[Data to process — start]

Lemma expNquartic_le_laplace a b gamma x : 0 < a -> 0 <= b ->
  gamma ^+ 2 <= 4 * a ^+ 4 * b ^+ 2 ->
  expR (- quartic (a ^+ 4) gamma (b ^+ 2) x) <=
  expR 1 * (laplace_kernel ((a + b) / 4) 0 x + laplace_kernel ((a + b) / 4) (b / a ^+ 2) x
            + laplace_kernel ((a + b) / 4) (- (b / a ^+ 2)) x).
Proof.
move=> a_gt0 b_ge0 disc.
have := quartic_ge_min x a_gt0 b_ge0 disc.
set k := (a + b) / 4; set u0 := b / a ^+ 2.
set w := `| `|x| - u0|; set m := Num.min `|x| w => quartic_ge.
apply: (@le_trans _ _ (expR 1 * expR (- k * m))).
  by rewrite -expRD ler_expR mulNr lerNl opprB.
rewrite ler_wpM2l ?expR_ge0 //.
have lap_w : expR (- k * w) <= laplace_kernel k u0 x + laplace_kernel k (- u0) x.
  have := laplace_kernel_ge0 k u0 x; have := laplace_kernel_ge0 k (- u0) x.
  rewrite /w /laplace_kernel opprK; have [x_ge0|x_lt0] := lerP 0 x.
    by rewrite (ger0_norm x_ge0); lra.
  by rewrite (ltr0_norm x_lt0) -opprD normrN; lra.
have := laplace_kernel_ge0 k 0 x; rewrite {1 2}/laplace_kernel subr0.
have := expR_ge0 (- k * w).
by rewrite /m minEle; case: ifP; lra.
Qed.

End laplace_kernel.

Section quartic_integral.
Variable R : realType.
Notation mu := (@lebesgue_measure R).
Implicit Types a b gamma : R.

Lemma continuous_quartic beta gamma delta : continuous (@quartic R beta gamma delta).
Proof.
move=> x; rewrite /quartic.
by apply: cvgD; [apply: cvgD|]; apply: cvgM; (exact: cvg_cst || exact: exprn_continuous).
Qed.

Lemma measurable_expN_quartic (D : set R) beta gamma delta :
  measurable_fun D (fun x => (expR (- quartic beta gamma delta x))%:E).
Proof.
apply: measurable_EFin_continuous => x.
apply: continuous_comp; last exact: continuous_expR.
by apply: cvgN; exact: continuous_quartic.
Qed.

Lemma integral_expN_quartic_ge a b gamma : 0 < a -> 0 < b ->
  gamma ^+ 2 <= 4 * a ^+ 4 * b ^+ 2 ->
  ((2 * expR (-4) / (a + b))%:E <=
   \int[mu]_(x in [set: R]) (expR (- quartic (a ^+ 4) gamma (b ^+ 2) x))%:E)%E.
Proof.
move=> a_gt0 b_gt0 disc; set r := (a + b)^-1.
have r_gt0 : 0 < r by rewrite invr_gt0 addr_gt0.
have := @ge0_subset_integral _ _ _ mu `[- r, r] [set: R] (measurable_itv _) measurableT _
  (measurable_expN_quartic (a ^+ 4) gamma (b ^+ 2)) (fun x _ => expR_ge0 _) (fun x _ => I).
move=> le_sub; apply: (le_trans _ le_sub).
apply: (@le_trans _ _ (\int[mu]_(x in `[(- r)%R, r]) (cst (expR (-4))%:E x))%E).
  rewrite integral_cst //= lebesgue_measure_itv /= lte_fin gtrN //.
  by rewrite -EFinD -EFinM lee_fin opprK mulrC /r; lra.
apply: ge0_le_integral => //.
- by move=> x _; rewrite lee_fin expR_ge0.
- exact: measurable_expN_quartic.
- move=> x; rewrite /= in_itv /= => /andP[x_ge x_le].
  rewrite lee_fin ler_expR lerN2; apply: quartic_le4 (ltW a_gt0) (ltW b_gt0) disc _.
  have : `|x| <= r by rewrite ler_norml x_ge x_le.
  move=> /(ler_wpM2r (ltW (addr_gt0 a_gt0 b_gt0))).
  by rewrite /r mulVf ?gt_eqF ?addr_gt0.
Qed.

Lemma integral_expN_quartic_le a b gamma : 0 < a -> 0 < b ->
  gamma ^+ 2 <= 4 * a ^+ 4 * b ^+ 2 ->
  (\int[mu]_(x in [set: R]) (expR (- quartic (a ^+ 4) gamma (b ^+ 2) x))%:E <=
   (24 * expR 1 / (a + b))%:E)%E.
Proof.
move=> a_gt0 b_gt0 disc.
set k := (a + b) / 4; set u0 := b / a ^+ 2.
have k_gt0 : 0 < k by rewrite divr_gt0 // addr_gt0.
have lap_ge0 c x : (0 <= (laplace_kernel k c x)%:E)%E by rewrite lee_fin laplace_kernel_ge0.
have mlap c : measurable_fun [set: R] (fun x => (laplace_kernel k c x)%:E).
  by apply: measurable_EFin_continuous; exact: continuous_laplace_kernel.
apply: (@le_trans _ _ (\int[mu]_(x in [set: R]) ((expR 1)%:E *
   ((laplace_kernel k 0 x)%:E + (laplace_kernel k u0 x)%:E + (laplace_kernel k (- u0) x)%:E)))%E).
  apply: ge0_le_integral => //.
  - exact: measurable_expN_quartic.
  - apply: emeasurable_funM => //.
    exact: emeasurable_funD (emeasurable_funD (mlap 0) (mlap u0)) (mlap (- u0)).
  - move=> x _; rewrite -!EFinD -EFinM lee_fin.
    exact: expNquartic_le_laplace a_gt0 (ltW b_gt0) disc.
have mlap2 := emeasurable_funD (mlap 0) (mlap u0).
rewrite ge0_integralZl_EFin ?expR_ge0 //; last 2 first.
- by move=> x; rewrite !adde_ge0 ?lap_ge0.
- exact: emeasurable_funD mlap2 (mlap (- u0)).
rewrite ge0_integralD //; last 2 first.
- by move=> x; rewrite adde_ge0 ?lap_ge0.
- exact: mlap.
have lapE c : (\int[mu]_(x in [set: R]) (laplace_kernel k c x)%:E = (2 / k)%:E)%E.
  exact: integral_laplace_kernel.
rewrite ge0_integralD //; [|exact: mlap..].
rewrite !lapE -!EFinD -EFinM lee_fin.
suff -> : expR 1 * (2 / k + 2 / k + 2 / k) = 24 * expR 1 / (a + b) by [].
by rewrite /k; field; rewrite gt_eqF ?addr_gt0.
Qed.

[Data to process — finish]

- _Exercise goal_
Copy out all of the records shown above exactly.

- _Final answer_
Lemma expNquartic_le_laplace a b gamma x : 0 < a -> 0 <= b ->
  gamma ^+ 2 <= 4 * a ^+ 4 * b ^+ 2 ->
  expR (- quartic (a ^+ 4) gamma (b ^+ 2) x) <=
  expR 1 * (laplace_kernel ((a + b) / 4) 0 x + laplace_kernel ((a + b) / 4) (b / a ^+ 2) x
            + laplace_kernel ((a + b) / 4) (- (b / a ^+ 2)) x).
Proof.
move=> a_gt0 b_ge0 disc.
have := quartic_ge_min x a_gt0 b_ge0 disc.
set k := (a + b) / 4; set u0 := b / a ^+ 2.
set w := `| `|x| - u0|; set m := Num.min `|x| w => quartic_ge.
apply: (@le_trans _ _ (expR 1 * expR (- k * m))).
  by rewrite -expRD ler_expR mulNr lerNl opprB.
rewrite ler_wpM2l ?expR_ge0 //.
have lap_w : expR (- k * w) <= laplace_kernel k u0 x + laplace_kernel k (- u0) x.
  have := laplace_kernel_ge0 k u0 x; have := laplace_kernel_ge0 k (- u0) x.
  rewrite /w /laplace_kernel opprK; have [x_ge0|x_lt0] := lerP 0 x.
    by rewrite (ger0_norm x_ge0); lra.
  by rewrite (ltr0_norm x_lt0) -opprD normrN; lra.
have := laplace_kernel_ge0 k 0 x; rewrite {1 2}/laplace_kernel subr0.
have := expR_ge0 (- k * w).
by rewrite /m minEle; case: ifP; lra.
Qed.

End laplace_kernel.

Section quartic_integral.
Variable R : realType.
Notation mu := (@lebesgue_measure R).
Implicit Types a b gamma : R.

Lemma continuous_quartic beta gamma delta : continuous (@quartic R beta gamma delta).
Proof.
move=> x; rewrite /quartic.
by apply: cvgD; [apply: cvgD|]; apply: cvgM; (exact: cvg_cst || exact: exprn_continuous).
Qed.

Lemma measurable_expN_quartic (D : set R) beta gamma delta :
  measurable_fun D (fun x => (expR (- quartic beta gamma delta x))%:E).
Proof.
apply: measurable_EFin_continuous => x.
apply: continuous_comp; last exact: continuous_expR.
by apply: cvgN; exact: continuous_quartic.
Qed.

Lemma integral_expN_quartic_ge a b gamma : 0 < a -> 0 < b ->
  gamma ^+ 2 <= 4 * a ^+ 4 * b ^+ 2 ->
  ((2 * expR (-4) / (a + b))%:E <=
   \int[mu]_(x in [set: R]) (expR (- quartic (a ^+ 4) gamma (b ^+ 2) x))%:E)%E.
Proof.
move=> a_gt0 b_gt0 disc; set r := (a + b)^-1.
have r_gt0 : 0 < r by rewrite invr_gt0 addr_gt0.
have := @ge0_subset_integral _ _ _ mu `[- r, r] [set: R] (measurable_itv _) measurableT _
  (measurable_expN_quartic (a ^+ 4) gamma (b ^+ 2)) (fun x _ => expR_ge0 _) (fun x _ => I).
move=> le_sub; apply: (le_trans _ le_sub).
apply: (@le_trans _ _ (\int[mu]_(x in `[(- r)%R, r]) (cst (expR (-4))%:E x))%E).
  rewrite integral_cst //= lebesgue_measure_itv /= lte_fin gtrN //.
  by rewrite -EFinD -EFinM lee_fin opprK mulrC /r; lra.
apply: ge0_le_integral => //.
- by move=> x _; rewrite lee_fin expR_ge0.
- exact: measurable_expN_quartic.
- move=> x; rewrite /= in_itv /= => /andP[x_ge x_le].
  rewrite lee_fin ler_expR lerN2; apply: quartic_le4 (ltW a_gt0) (ltW b_gt0) disc _.
  have : `|x| <= r by rewrite ler_norml x_ge x_le.
  move=> /(ler_wpM2r (ltW (addr_gt0 a_gt0 b_gt0))).
  by rewrite /r mulVf ?gt_eqF ?addr_gt0.
Qed.

Lemma integral_expN_quartic_le a b gamma : 0 < a -> 0 < b ->
  gamma ^+ 2 <= 4 * a ^+ 4 * b ^+ 2 ->
  (\int[mu]_(x in [set: R]) (expR (- quartic (a ^+ 4) gamma (b ^+ 2) x))%:E <=
   (24 * expR 1 / (a + b))%:E)%E.
Proof.
move=> a_gt0 b_gt0 disc.
set k := (a + b) / 4; set u0 := b / a ^+ 2.
have k_gt0 : 0 < k by rewrite divr_gt0 // addr_gt0.
have lap_ge0 c x : (0 <= (laplace_kernel k c x)%:E)%E by rewrite lee_fin laplace_kernel_ge0.
have mlap c : measurable_fun [set: R] (fun x => (laplace_kernel k c x)%:E).
  by apply: measurable_EFin_continuous; exact: continuous_laplace_kernel.
apply: (@le_trans _ _ (\int[mu]_(x in [set: R]) ((expR 1)%:E *
   ((laplace_kernel k 0 x)%:E + (laplace_kernel k u0 x)%:E + (laplace_kernel k (- u0) x)%:E)))%E).
  apply: ge0_le_integral => //.
  - exact: measurable_expN_quartic.
  - apply: emeasurable_funM => //.
    exact: emeasurable_funD (emeasurable_funD (mlap 0) (mlap u0)) (mlap (- u0)).
  - move=> x _; rewrite -!EFinD -EFinM lee_fin.
    exact: expNquartic_le_laplace a_gt0 (ltW b_gt0) disc.
have mlap2 := emeasurable_funD (mlap 0) (mlap u0).
rewrite ge0_integralZl_EFin ?expR_ge0 //; last 2 first.
- by move=> x; rewrite !adde_ge0 ?lap_ge0.
- exact: emeasurable_funD mlap2 (mlap (- u0)).
rewrite ge0_integralD //; last 2 first.
- by move=> x; rewrite adde_ge0 ?lap_ge0.
- exact: mlap.
have lapE c : (\int[mu]_(x in [set: R]) (laplace_kernel k c x)%:E = (2 / k)%:E)%E.
  exact: integral_laplace_kernel.
rewrite ge0_integralD //; [|exact: mlap..].
rewrite !lapE -!EFinD -EFinM lee_fin.
suff -> : expR 1 * (2 / k + 2 / k + 2 / k) = 24 * expR 1 / (a + b) by [].
by rewrite /k; field; rewrite gt_eqF ?addr_gt0.
Qed.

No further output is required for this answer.